2026-02-12
When planning to build a new or upgrade an existing fertilizer production line, a crucial choice often arises in the core granulation stage: should you choose the classic, widely adaptable rotary drum granulator, or invest in the energy-efficient and increasingly popular double roller press granulator? These two types of equipment represent two fundamentally different technological approaches, and the choice directly determines your production capacity ceiling, energy costs, and the market competitiveness of your final product. Understanding their underlying principles is the first step in making a wise investment decision.
Technical Essence: The Fundamental Difference Between Chemical Reaction and Physical Forming
The core difference between these two types of equipment lies in the completely different ways they give "shape" to the materials.
The rotary drum granulator (usually referring to a drum granulator) is an agglomeration process that relies on thermodynamics and chemical reactions. The mixed powdered raw materials are fed into a large, slowly rotating drum, while steam or a binder liquid is simultaneously sprayed in. During the drum's rotation, the fine powder, under the binding action of the liquid phase (slurry), gradually agglomerates into spheres through repeated rolling and collision, like "rolling a snowball." This process requires high chemical reactivity of the materials and is particularly suitable for producing mainstream high-concentration compound fertilizers and blended fertilizers (BB fertilizers). The resulting granules are round, have moderate strength, and good dissolution characteristics.
The double roller press granulator, on the other hand, is a purely high-pressure physical forming process. It feeds completely dry powdered raw materials between a pair of precisely machined and synchronously counter-rotating rollers. Under linear pressure of tens to hundreds of tons, the material is forcibly squeezed through the die holes on the roller surface, forming dense, regular flat or pillow-shaped granules. This process does not require the introduction of water or heat, making it particularly suitable for producing organic-inorganic compound fertilizers, heat-sensitive bio-fertilizers, and certain special fertilizers that are prone to unfavorable chemical reactions.

Capacity and Efficiency: Choosing the Path of Economies of Scale and Energy Saving
When evaluating "which equipment can increase production," it is essential to consider both absolute capacity and overall efficiency.

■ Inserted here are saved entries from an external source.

(* Let $g(S) = w(S) := \sum_{v \in S} w(v)$ for nonnegative weights $w : V \to \mathbb{R}_{\ge 0}$. Let $d > 0$ and let $S_d^*$ be a maximum-weight independent set of the intersection graph $G_d(V)$ among those of size at most $k$. If $T$ is an output of $\mathrm{GreedyIndependentSet}(V,g,d',k)$ with $0 \le d' \le d/2$, then $w(T) \ge w(S_d^* )$.
   Context: Let $V$ be a finite set of points in a metric space with metric $\mathrm{dist}$. For $u \in V$ and $S \subseteq V$ let $\mathrm{dist}(u,S) = \min_{v \in S}\mathrm{dist}(u,v)$, with $\mathrm{dist}(u,\emptyset) = \infty$. For $d \ge 0$, the intersection graph $G_d(V)$ has vertex set $V$ and edge set $\{\{u,v\} : u \ne v,\ \mathrm{dist}(u,v) < d\}$; thus $S$ is an independent set of $G_d(V)$ iff $\mathrm{dist}(u,v) \ge d$ for all distinct $u,v \in S$. Let $k \ge 1$ be an integer. $\mathrm{GreedyIndependentSet}(V,g,d,k)$: initialize $S \gets \emptyset$; for $i = 1,\dots,k$: let $C = \{v \in V\setminus S : \mathrm{dist}(v,S) \ge d\}$; if $C = \emptyset$ return $S$; otherwise pick $t \in \arg\max_{v \in C} \big(g(S\cup\{v\}) - g(S)\big)$ (ties broken arbitrarily) and set $S \gets S \cup\{t\}$. After the loop, return $S$. *)

From HB Require Import structures.
From mathcomp Require Import all_boot all_order all_algebra.
Set Implicit Arguments. Unset Strict Implicit. Unset Printing Implicit Defensive.
Import Order.TTheory GRing.Theory Num.Theory.
Local Open Scope ring_scope.

Definition is_metric (R : realFieldType) (P : Type) (dist : P -> P -> R) : Prop :=
  [/\ forall x y, 0 <= dist x y,
      forall x y, dist x y = 0 <-> x = y,
      forall x y, dist x y = dist y x
    & forall x y z, dist x z <= dist x y + dist y z].

Definition independent (R : realFieldType) (P : finType) (dist : P -> P -> R)
    (V : {set P}) (d : R) (S : {set P}) : Prop :=
  S \subset V /\ (forall u v, u \in S -> v \in S -> u != v -> d <= dist u v).

(* Candidate set C = { v in V \ S : dist(v,S) >= d } (dist(v,emptyset) = oo). *)
Definition candidates (R : realFieldType) (P : finType) (dist : P -> P -> R)
    (V : {set P}) (d : R) (S : {set P}) : {set P} :=
  [set v in V :\: S | [forall s in S, d <= dist v s]].

(* greedy_run dist V g d n S out : running the remaining n iterations of
   GreedyIndependentSet from the current set S may return out
   (ties in the argmax are broken arbitrarily, hence a relation). *)
Inductive greedy_run (R : realFieldType) (P : finType) (dist : P -> P -> R)
    (V : {set P}) (g : {set P} -> R) (d : R) : nat -> {set P} -> {set P} -> Prop :=
  | greedy_done S : greedy_run dist V g d 0 S S
  | greedy_empty n S : candidates dist V d S = set0 -> greedy_run dist V g d n.+1 S S
  | greedy_pick n S t out :
      t \in candidates dist V d S ->
      (forall v, v \in candidates dist V d S ->
          g (v |: S) - g S <= g (t |: S) - g S) ->
      greedy_run dist V g d n (t |: S) out ->
      greedy_run dist V g d n.+1 S out.

Definition greedy_output (R : realFieldType) (P : finType) (dist : P -> P -> R)
    (V : {set P}) (g : {set P} -> R) (d : R) (k : nat) (T : {set P}) : Prop :=
  greedy_run dist V g d k set0 T.

Definition wsum (R : realFieldType) (P : finType) (w : P -> R) (S : {set P}) : R :=
  \sum_(v in S) w v.

From mathcomp Require Import all_boot all_order all_algebra.
From mathcomp Require Import lra.
Import Order.TTheory GRing.Theory Num.Theory.
Local Open Scope ring_scope.
Set Implicit Arguments. Unset Strict Implicit.

(* An element s of S* is blocked by the current greedy set S once some t in S
   equals s or lies at distance < d' from it; an unblocked s is still a
   candidate, so every pick weighs at least as much as every unblocked s.
   Since d' <= d/2 and S* is d-independent, each pick blocks at most one new
   element of S*.  Hence the potential
     w(S) - w(blocked S) - (#S - #blocked S) x,
   with x the largest weight left unblocked at the end, never decreases.
   At the end either nothing of S* is unblocked, or T has k elements and
   the unblocked part of S* weighs at most (k - #blocked T) x. *)

Lemma wsum_le_card (R : realFieldType) (P : finType) (w : P -> R) (A : {set P}) c :
  (forall s, s \in A -> w s <= c) -> wsum w A <= #|A|%:R * c.
Proof.
move=> le_c; rewrite /wsum -sum1_card natr_sum mulr_suml.
by apply: ler_sum => s /le_c; rewrite mul1r.
Qed.

Section Blocking.
Variables (R : realFieldType) (P : finType) (dist : P -> P -> R)
  (V : {set P}) (w : P -> R) (d d' : R) (Sstar : {set P}).

Definition blocks (t s : P) : bool := (s == t) || (dist s t < d').

Definition blocked (S : {set P}) : {set P} :=
  [set s in Sstar | [exists t in S, blocks t s]].

Lemma blocked0 : blocked set0 = set0.
Proof. by apply/setP => s; rewrite !inE; apply/andP => -[_ /existsP[t]]; rewrite inE. Qed.

Lemma blocked_sub S : blocked S \subset Sstar.
Proof. by apply/subsetP => s; rewrite inE => /andP[]. Qed.

Lemma blocked_setU1 t S :
  blocked (t |: S) = [set s in Sstar | blocks t s] :|: blocked S.
Proof.
apply/setP => s; rewrite !inE -andb_orr; congr (_ && _); apply/existsP/orP.
- case=> u /andP[]; rewrite in_setU1 => /orP[/eqP -> -> | uS bus]; first by left.
  by right; apply/existsP; exists u; rewrite uS.
- case=> [bts | /existsP[u /andP[uS bus]]]; first by exists t; rewrite setU11.
  by exists u; rewrite in_setU1 uS orbT.
Qed.

Lemma blocked_subset (S S' : {set P}) : S \subset S' -> blocked S \subset blocked S'.
Proof.
move=> sub; apply/subsetP => s; rewrite !inE => /andP[-> /existsP[t /andP[tS bts]]].
by apply/existsP; exists t; rewrite bts (subsetP sub).
Qed.

Lemma unblocked_candidate S s :
  Sstar \subset V -> s \in Sstar -> s \notin blocked S -> s \in candidates dist V d' S.
Proof.
move=> sV sS; rewrite !inE sS (subsetP sV s sS) /= => /existsPn unb.
have sNS : s \notin S by apply: contra (unb s); rewrite /blocks eqxx => ->.
rewrite sNS; apply/forallP => t; apply/implyP => tS.
by move: (unb t); rewrite tS /blocks negb_or -leNgt => /andP[].
Qed.

Lemma greedy_run_subset n S out :
  greedy_run dist V (wsum w) d' n S out -> S \subset out.
Proof.
elim=> // {}n {}S t {}out _ _ _ sub.
by apply: subset_trans sub; apply: subsetUr.
Qed.

Lemma greedy_run_stops n S out :
  greedy_run dist V (wsum w) d' n S out ->
  candidates dist V d' out = set0 \/ #|out| = (#|S| + n)%N.
Proof.
elim=> [{}S|{}n {}S ->|{}n {}S t {}out tC _ _ [-> | ->]]; [|by left|by left|].
  by right; rewrite addn0.
right; move: tC; rewrite !inE => /andP[/andP[tNS _] _].
by rewrite cardsU1 tNS addnS.
Qed.

Hypothesis dist_metric : is_metric dist.
Hypothesis d'_ge0 : 0 <= d'.
Hypothesis d'_le_half : d' <= d / 2.
Hypothesis Sstar_indep : independent dist V d Sstar.

Lemma blocks_unique t u s :
  u \in Sstar -> s \in Sstar -> blocks t u -> blocks t s -> u = s.
Proof.
case: dist_metric => _ dist0 dist_sym dist_tri uS sS btu bts.
apply/eqP/negPn/negP => neq.
have [_ /(_ u s uS sS neq) d_le_us] := Sstar_indep.
have := dist_tri u t s; rewrite (dist_sym t s) => us_tri.
have dtt : dist t t = 0 by apply/dist0.
(* lra does not see section hypotheses *)
have d'0 := d'_ge0; have d'd := d'_le_half.
move: btu bts; rewrite /blocks => /orP[/eqP ut|ut] /orP[/eqP st|st].
- by rewrite ut st eqxx in neq.
- by move: d_le_us us_tri; rewrite ut dtt; lra.
- by move: d_le_us us_tri; rewrite st dtt; lra.
- by lra.
Qed.

Lemma blocked_step t S :
  blocked (t |: S) = blocked S \/
  exists2 s, s \in Sstar :\: blocked S & blocked (t |: S) = s |: blocked S.
Proof.
rewrite blocked_setU1.
have [new0|[s]] := set_0Vmem ([set s in Sstar | blocks t s] :\: blocked S).
  by left; apply/setUidPr; rewrite -setD_eq0 new0.
rewrite !inE => /andP[sNB /andP[sS bts]]; right; exists s; first by rewrite !inE sNB.
apply/setP => u; rewrite in_setU in_setU1.
case uB: (u \in blocked S); first by rewrite !orbT.
rewrite !orbF inE; apply/andP/eqP => [[uS btu]|->]; last by [].
exact: blocks_unique uS sS btu bts.
Qed.

Definition slack (x : R) (S : {set P}) : R :=
  wsum w S - wsum w (blocked S) - (#|S|%:R - #|blocked S|%:R) * x.

Lemma slack0 x : slack x set0 = 0.
Proof. by rewrite /slack blocked0 /wsum big_set0 cards0; lra. Qed.

Lemma slack_pick x t (S : {set P}) :
  t \notin S -> x <= w t ->
  (forall s, s \in Sstar :\: blocked S -> w s <= w t) ->
  slack x S <= slack x (t |: S).
Proof.
move=> tNS xt unb_le.
rewrite /slack /wsum big_setU1 //= cardsU1 tNS add1n -addn1 natrD.
have [->|[s sU ->]] := blocked_step t S; first lra.
have := unb_le s sU; move: sU; rewrite in_setD => /andP[sNB _].
by rewrite big_setU1 //= cardsU1 sNB add1n -addn1 natrD; lra.
Qed.

Hypothesis w_ge0 : forall v, v \in V -> 0 <= w v.

Lemma greedy_run_slack n S out x :
  greedy_run dist V (wsum w) d' n S out ->
  x <= 0 \/ (exists2 s0, s0 \in Sstar :\: blocked out & x <= w s0) ->
  slack x S <= slack x out.
Proof.
have sV : Sstar \subset V by case: Sstar_indep.
elim=> // {}n {}S t {}out tC tmax run IH hx; apply: le_trans (IH hx).
move: tC (tmax); rewrite !inE => /andP[/andP[tNS tV] _] {}tmax.
have unb_le s : s \in Sstar :\: blocked S -> w s <= w t.
  rewrite in_setD => /andP[sNB sS]; have sC := unblocked_candidate sV sS sNB.
  move: (tmax s sC) (sC); rewrite !inE => + /andP[/andP[sNS _] _].
  by rewrite /wsum !big_setU1 //=; lra.
have blocked_S_out : blocked S \subset blocked out.
  by apply/blocked_subset/(subset_trans _ (greedy_run_subset run))/subsetUr.
apply: slack_pick => //; case: hx => [x0|[s0 s0U xs0]]; first by have := w_ge0 tV; lra.
apply: le_trans xs0 (unb_le _ _); move: s0U; rewrite !in_setD => /andP[s0NB ->].
by rewrite andbT; apply: contra s0NB; apply: (subsetP blocked_S_out).
Qed.

End Blocking.

Theorem lemmaC1 (R : realFieldType) (P : finType) (dist : P -> P -> R)
    (V : {set P}) (w : P -> R) (k : nat) (d d' : R) (Sstar T : {set P}) :
  is_metric dist ->
  (forall v, v \in V -> 0 <= w v) ->
  (1 <= k)%N ->
  0 < d ->
  independent dist V d Sstar -> (#|Sstar| <= k)%N ->
  (forall S, independent dist V d S -> (#|S| <= k)%N -> wsum w S <= wsum w Sstar) ->
  0 <= d' -> d' <= d / 2 ->
  greedy_output dist V (wsum w) d' k T ->
  wsum w Sstar <= wsum w T.
Proof.
move=> metric w_ge0 _ _ indep card_Sstar _ d'_ge0 d'_le_half run.
have sV : Sstar \subset V by case: indep.
set B := blocked dist d' Sstar T.
have split_Sstar : wsum w Sstar = wsum w B + wsum w (Sstar :\: B).
  by rewrite /wsum (big_setID B) /= (setIidPr (blocked_sub _ _ _ _)).
have slackT x := greedy_run_slack metric d'_ge0 d'_le_half indep w_ge0 (x := x) run.
have [unb0|[s1 s1U]] := set_0Vmem (Sstar :\: B).
  have := slackT 0 (or_introl (lexx 0)).
  by rewrite slack0 /slack mulr0 split_Sstar unb0 /wsum big_set0; lra.
have [noC|card_T] := greedy_run_stops run.
  move: s1U; rewrite in_setD => /andP[s1B s1S].
  by have := unblocked_candidate sV s1S s1B; rewrite noC inE.
rewrite cards0 add0n in card_T.
have [s0 s0U s0_max] :
    exists2 s0, s0 \in Sstar :\: B & forall s, s \in Sstar :\: B -> w s <= w s0.
  by case: (arg_maxP w s1U) => s0; exists s0.
have w_s0 : 0 <= w s0 by apply/w_ge0/(subsetP sV); move: s0U; rewrite in_setD => /andP[].
have card_unb : (#|Sstar :\: B| + #|B| <= k)%N.
  by rewrite cardsD (setIidPr (blocked_sub _ _ _ _)) subnK ?subset_leq_card ?blocked_sub.
have := slackT (w s0) (or_intror (ex_intro2 _ _ s0 s0U (lexx _))).
have := wsum_le_card s0_max.
have : #|Sstar :\: B|%:R * w s0 <= (k%:R - #|B|%:R) * w s0.
  by apply: ler_wpM2r => //; rewrite lerBrDr -natrD ler_nat.
by rewrite slack0 /slack card_T split_Sstar; lra.
Qed.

In terms of achieving large-scale, continuous production, the rotary drum granulator has a traditional advantage. The design capacity of a single large rotary drum granulator can be very high, easily matching large-scale compound fertilizer production lines with an annual output of hundreds of thousands of tons, offering significant economies of scale. However, this high capacity comes at the cost of high energy consumption – it requires a large steam boiler, dryer, and cooling system, and the thermal energy consumption of the entire system accounts for a considerable proportion of the total cost.

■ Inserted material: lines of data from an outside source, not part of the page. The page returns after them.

Lemma ns_opp_scal (x : X) : ns_opp x = ns_scal (-1) x.
Proof.
  assert (H : ns_add (ns_scal (-1) x) x = ns_zero).
  { rewrite <- (ns_scal1 X x) at 2. rewrite <- ns_scalDl.
    replace (-1 + 1) with 0 by ring. apply ns_scal0l. }
  rewrite <- (ns_add0 X (ns_opp x)), <- H, <- ns_addA, ns_addN. apply ns_add0r.
Qed.

Lemma ns_add_eq0 (a b : X) : ns_add a b = ns_zero -> a = ns_opp b.
Proof.
  intros H. rewrite <- (ns_add0r a), <- (ns_addN X b), ns_addA, H. apply ns_add0.
Qed.

Lemma ns_norm0 : ns_norm (@ns_zero X) = 0.
Proof. rewrite <- (ns_scal0l ns_zero), ns_normZ, Rabs_R0. ring. Qed.

(* Norms are nonnegative: 0 = ||x - x|| <= 2 ||x||. *)
Lemma ns_norm_ge0 (x : X) : 0 <= ns_norm x.
Proof.
  pose proof (ns_normD X x (ns_opp x)) as H.
  rewrite ns_addN, ns_norm0, ns_opp_scal, ns_normZ in H.
  replace (Rabs (-1)) with 1 in H by (rewrite Rabs_left; lra). lra.
Qed.

End VectorAlgebra.

Section Spans.
Context {X : NormedSpace}.

Definition inspan (S : X -> Prop) (x : X) : Prop :=
  exists l : list (R * X), Forall (fun p => S (snd p)) l /\ lin_comb l = x.

Lemma lin_comb_app (l1 l2 : list (R * X)) :
  lin_comb (l1 ++ l2) = ns_add (lin_comb l1) (lin_comb l2).
Proof.
  induction l1 as [|p l1 IH]; simpl.
  - symmetry; apply ns_add0.
  - unfold lin_comb in *; simpl. rewrite IH, ns_addA. reflexivity.
Qed.

Lemma lin_comb_scale (a : R) (l : list (R * X)) :
  lin_comb (map (fun p => (a * fst p, snd p)) l) = ns_scal a (lin_comb l).
Proof.
  induction l as [|p l IH]; simpl.
  - symmetry; apply ns_scal0r.
  - unfold lin_comb in *; simpl. rewrite IH, ns_scalDr, ns_scalA. reflexivity.
Qed.

Lemma inspan_0 (S : X -> Prop) : inspan S ns_zero.
Proof. exists nil. split; [constructor | reflexivity]. Qed.

Lemma inspan_add (S : X -> Prop) x y :
  inspan S x -> inspan S y -> inspan S (ns_add x y).
Proof.
  intros [l1 [H1 E1]] [l2 [H2 E2]]. exists (l1 ++ l2). split.
  - apply Forall_app; auto.
  - rewrite lin_comb_app, E1, E2; reflexivity.
Qed.

Lemma inspan_scal (S : X -> Prop) a x : inspan S x -> inspan S (ns_scal a x).
Proof.
  intros [l [H E]]. exists (map (fun p => (a * fst p, snd p)) l). split.
  - rewrite Forall_map. exact H.
  - rewrite lin_comb_scale, E; reflexivity.
Qed.

Lemma inspan_single (S : X -> Prop) x : S x -> inspan S x.
Proof.
  intros H. exists ((1, x) :: nil). split.
  - constructor; [exact H | constructor].
  - unfold lin_comb; simpl. rewrite ns_scal1. apply ns_add0r.
Qed.

Lemma inspan_lin_comb (S : X -> Prop) (l : list (R * X)) :
  Forall (fun p => inspan S (snd p)) l -> inspan S (lin_comb l).
Proof.
  induction l as [|p l IH]; intros H.
  - apply inspan_0.
  - inversion H; subst. apply inspan_add; [apply inspan_scal |]; auto.
Qed.

Lemma inspan_span (S T : X -> Prop) x :
  (forall v, S v -> inspan T v) -> inspan S x -> inspan T x.
Proof.
  intros HST [l [Hl <-]]. apply inspan_lin_comb.
  eapply Forall_impl; [|exact Hl]. intros p; apply HST.
Qed.

End Spans.

Section Coefficients.
Context {X : NormedSpace}.

Definition coef (v : X) (l : list (R * X)) : R :=
  fold_right (fun p acc => (if dec (snd p = v) then fst p else 0) + acc) 0 l.

Definition drop_vec (v : X) (l : list (R * X)) : list (R * X) :=
  filter (fun p => if dec (snd p = v) then false else true) l.

Lemma in_drop_vec v l q : In q (drop_vec v l) <-> In q l /\ snd q <> v.
Proof.
  unfold drop_vec. rewrite filter_In.
  destruct (dec (snd q = v)); intuition discriminate.
Qed.

Lemma lin_comb_drop_vec v l :
  lin_comb l = ns_add (lin_comb (drop_vec v l)) (ns_scal (coef v l) v).
Proof.
  induction l as [|p l IH]; simpl.
  - rewrite ns_scal0l. symmetry; apply ns_add0.
  - unfold drop_vec, coef in *. simpl. destruct (dec (snd p = v)) as [e|e].
    + unfold lin_comb at 1. simpl. fold (lin_comb l). rewrite IH.
      rewrite ns_scalDl, e, !ns_addA, (ns_addC X (ns_scal (fst p) v)). reflexivity.
    + rewrite Rplus_0_l. unfold lin_comb; simpl. fold (lin_comb l).
      fold (lin_comb (filter (fun q : R * X => if dec (snd q = v) then false else true) l)).
      rewrite IH, ns_addA. reflexivity.
Qed.

Lemma coef_drop_vec v w l : w <> v -> coef w (drop_vec v l) = coef w l.
Proof.
  intros Hwv. induction l as [|p l IH]; simpl; auto.
  unfold drop_vec, coef in *; simpl. destruct (dec (snd p = v)) as [e|e]; simpl.
  - destruct (dec (snd p = w)); [congruence | lra].
  - rewrite IH; reflexivity.
Qed.

Lemma coef_notin v l : (forall p, In p l -> snd p <> v) -> coef v l = 0.
Proof.
  induction l as [|p l IH]; simpl; intros H; auto.
  destruct (dec (snd p = v)) as [e|e]; [exfalso; apply (H p); auto|].
  fold (coef v l). rewrite IH; [lra|]. intros q Hq; apply H; auto.
Qed.

Lemma coef_nodup (l : list (R * X)) p :
  NoDup (map snd l) -> In p l -> coef (snd p) l = fst p.
Proof.
  induction l as [|q l IH]; simpl; intros Hn Hi; [contradiction|].
  inversion Hn as [|? ? Hq Hn']; subst. destruct Hi as [<-|Hi].
  - destruct (dec (snd q = snd q)) as [_|e]; [|congruence].
    fold (coef (snd q) l). rewrite coef_notin; [lra|].
    intros r Hr E. apply Hq. rewrite <- E. apply in_map; auto.
  - destruct (dec (snd q = snd p)) as [e|e].
    + exfalso. apply Hq. rewrite e. apply in_map; auto.
    + fold (coef (snd p) l). rewrite IH; auto. lra.
Qed.

Lemma solve_vanishing_comb (S : X -> Prop) v l :
  lin_comb l = ns_zero -> coef v l <> 0 ->
  (forall q, In q l -> snd q <> v -> S (snd q)) -> inspan S v.
Proof.
  intros Hl Hc HS.
  assert (Hv : ns_scal (coef v l) v = ns_opp (lin_comb (drop_vec v l))).
  { apply ns_add_eq0. rewrite ns_addC, <- lin_comb_drop_vec. exact Hl. }
  replace v with (ns_scal (-1 / coef v l) (lin_comb (drop_vec v l))).
  2:{ rewrite ns_opp_scal in Hv.
      transitivity (ns_scal (1 / coef v l) (ns_scal (-1) (lin_comb (drop_vec v l)))).
      - rewrite ns_scalA. f_equal. field. exact Hc.
      - rewrite <- Hv, ns_scalA. replace (1 / coef v l * coef v l) with 1 by (field; exact Hc).
        apply ns_scal1. }
  apply inspan_scal, inspan_lin_comb, Forall_forall.
  intros q Hq%in_drop_vec. apply inspan_single, HS; apply Hq.
Qed.

End Coefficients.

(* Greedy extraction of a Hamel basis from a spanning sequence s: keep s n
   exactly when it is not a combination of s 0, ..., s (n-1). *)
Section GreedyBasis.
Context {X : NormedSpace}.
Variable s : nat -> X.

Definition span_before (n : nat) (x : X) : Prop :=
  inspan (fun v => exists m, (m < n)%nat /\ v = s m) x.

Definition greedy (x : X) : Prop := exists n, x = s n /\ ~ span_before n x.

Definition greedy_index (x : X) : nat :=
  match dec (greedy x) with
  | left H => proj1_sig (constructive_indefinite_description _ H)
  | right _ => 0%nat
  end.

Lemma greedy_index_spec x :
  greedy x -> x = s (greedy_index x) /\ ~ span_before (greedy_index x) x.
Proof.
  intros H. unfold greedy_index. destruct (dec (greedy x)) as [H'|]; [|contradiction].
  destruct (constructive_indefinite_description _ H') as [n Hn]. exact Hn.
Qed.

Lemma greedy_index_inj x y :
  greedy x -> greedy y -> greedy_index x = greedy_index y -> x = y.
Proof.
  intros Hx Hy E. rewrite (proj1 (greedy_index_spec x Hx)), (proj1 (greedy_index_spec y Hy)), E.
  reflexivity.
Qed.

Let below (N : nat) (p : R * X) : Prop := greedy (snd p) /\ (greedy_index (snd p) < N)%nat.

Double-roll press granulators demonstrate revolutionary advantages in energy saving and overall efficiency. Due to their "room temperature molding" characteristics, they completely eliminate the drying process, saving approximately 30%-50% of fuel costs, and produce almost no exhaust gas, resulting in less environmental pressure. For small and medium-sized factories or factories producing specialty fertilizers, this means lower operating costs and greater product flexibility. Capacity increases are usually achieved by increasing the width of the press rolls or using multiple units in parallel. While the absolute peak capacity may not be as high as large rotary drums, their energy consumption and cost per unit of output are more competitive.
Selection Decision: Matching Your Raw Materials, Scale, and Market
The final choice should be strictly based on your production raw materials, factory scale, and product positioning.

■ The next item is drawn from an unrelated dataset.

(* The single-mode creation operator $\hat a^\dagger$ has approximate operator coherent rank $2$, and for any integer $n\ge0$ and coefficients $b_0,\dots,b_n\in\mathbb C$ the operator $\sum_{l=0}^n b_l(\hat a^\dagger)^l$ has approximate operator coherent rank at most $n+1$.
   Context: Single mode with Fock basis $\{|n\rangle\}$, creation operator $\hat a^\dagger=\sum_{n\ge0}\sqrt{n+1}|n+1\rangle\langle n|$. Coherent state $|\alpha\rangle=e^{-|\alpha|^2/2}\sum_n\frac{\alpha^n}{\sqrt{n!}}|n\rangle$. A state has coherent rank $k$ if it is a superposition of $k$ coherent states; its approximate coherent rank is the smallest $k$ such that for every $\delta>0$ there is a coherent rank $k$ state with fidelity greater than $1-\delta$ to it (after normalization). An operator $\hat A$ has approximate operator coherent rank $\ell$ iff $\hat A|\alpha\rangle$ has approximate coherent rank at most $\ell$ for every coherent state $|\alpha\rangle$ (and this bound is attained for at least one coherent state). *)

From Stdlib Require Import Reals List Factorial.
From Coquelicot Require Import Coquelicot.
Open Scope R_scope.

If you are a large-scale compound fertilizer manufacturer, primarily using chemical powders as raw materials, pursuing maximum output under a single formula, and already have infrastructure such as steam, then the mature, stable, and high-yield characteristics of the rotary drum granulator remain your most reliable choice.
If you are an organic fertilizer producer, a specialty fertilizer company, or a medium-sized compound fertilizer plant, your raw materials may include fermented organic matter or heat-sensitive components, and you are highly sensitive to energy consumption and product differentiation, then the double-roll press granulator will be a powerful tool to help you reduce costs, increase efficiency, and create distinctive products. It is especially suitable for processing high-nitrogen, high-salt index formulations that are difficult to granulate with rotary drums.

Maintenance and Long-Term Value
In terms of maintenance, the focus of rotary drum granulator maintenance is on the rotating parts, lining plates, and transmission system, and the maintenance of its drying system is also relatively complex. Maintenance of the double-roll press granulator is highly concentrated on the core press roll assembly. Wear of the press rolls and molds is the main ongoing cost, but its modular design usually makes maintenance more direct and faster. In short, rotary drum granulators are "capacity giants" for achieving large-scale standardized production, while double-roll press granulators are "efficiency experts" focused on energy saving and differentiated production.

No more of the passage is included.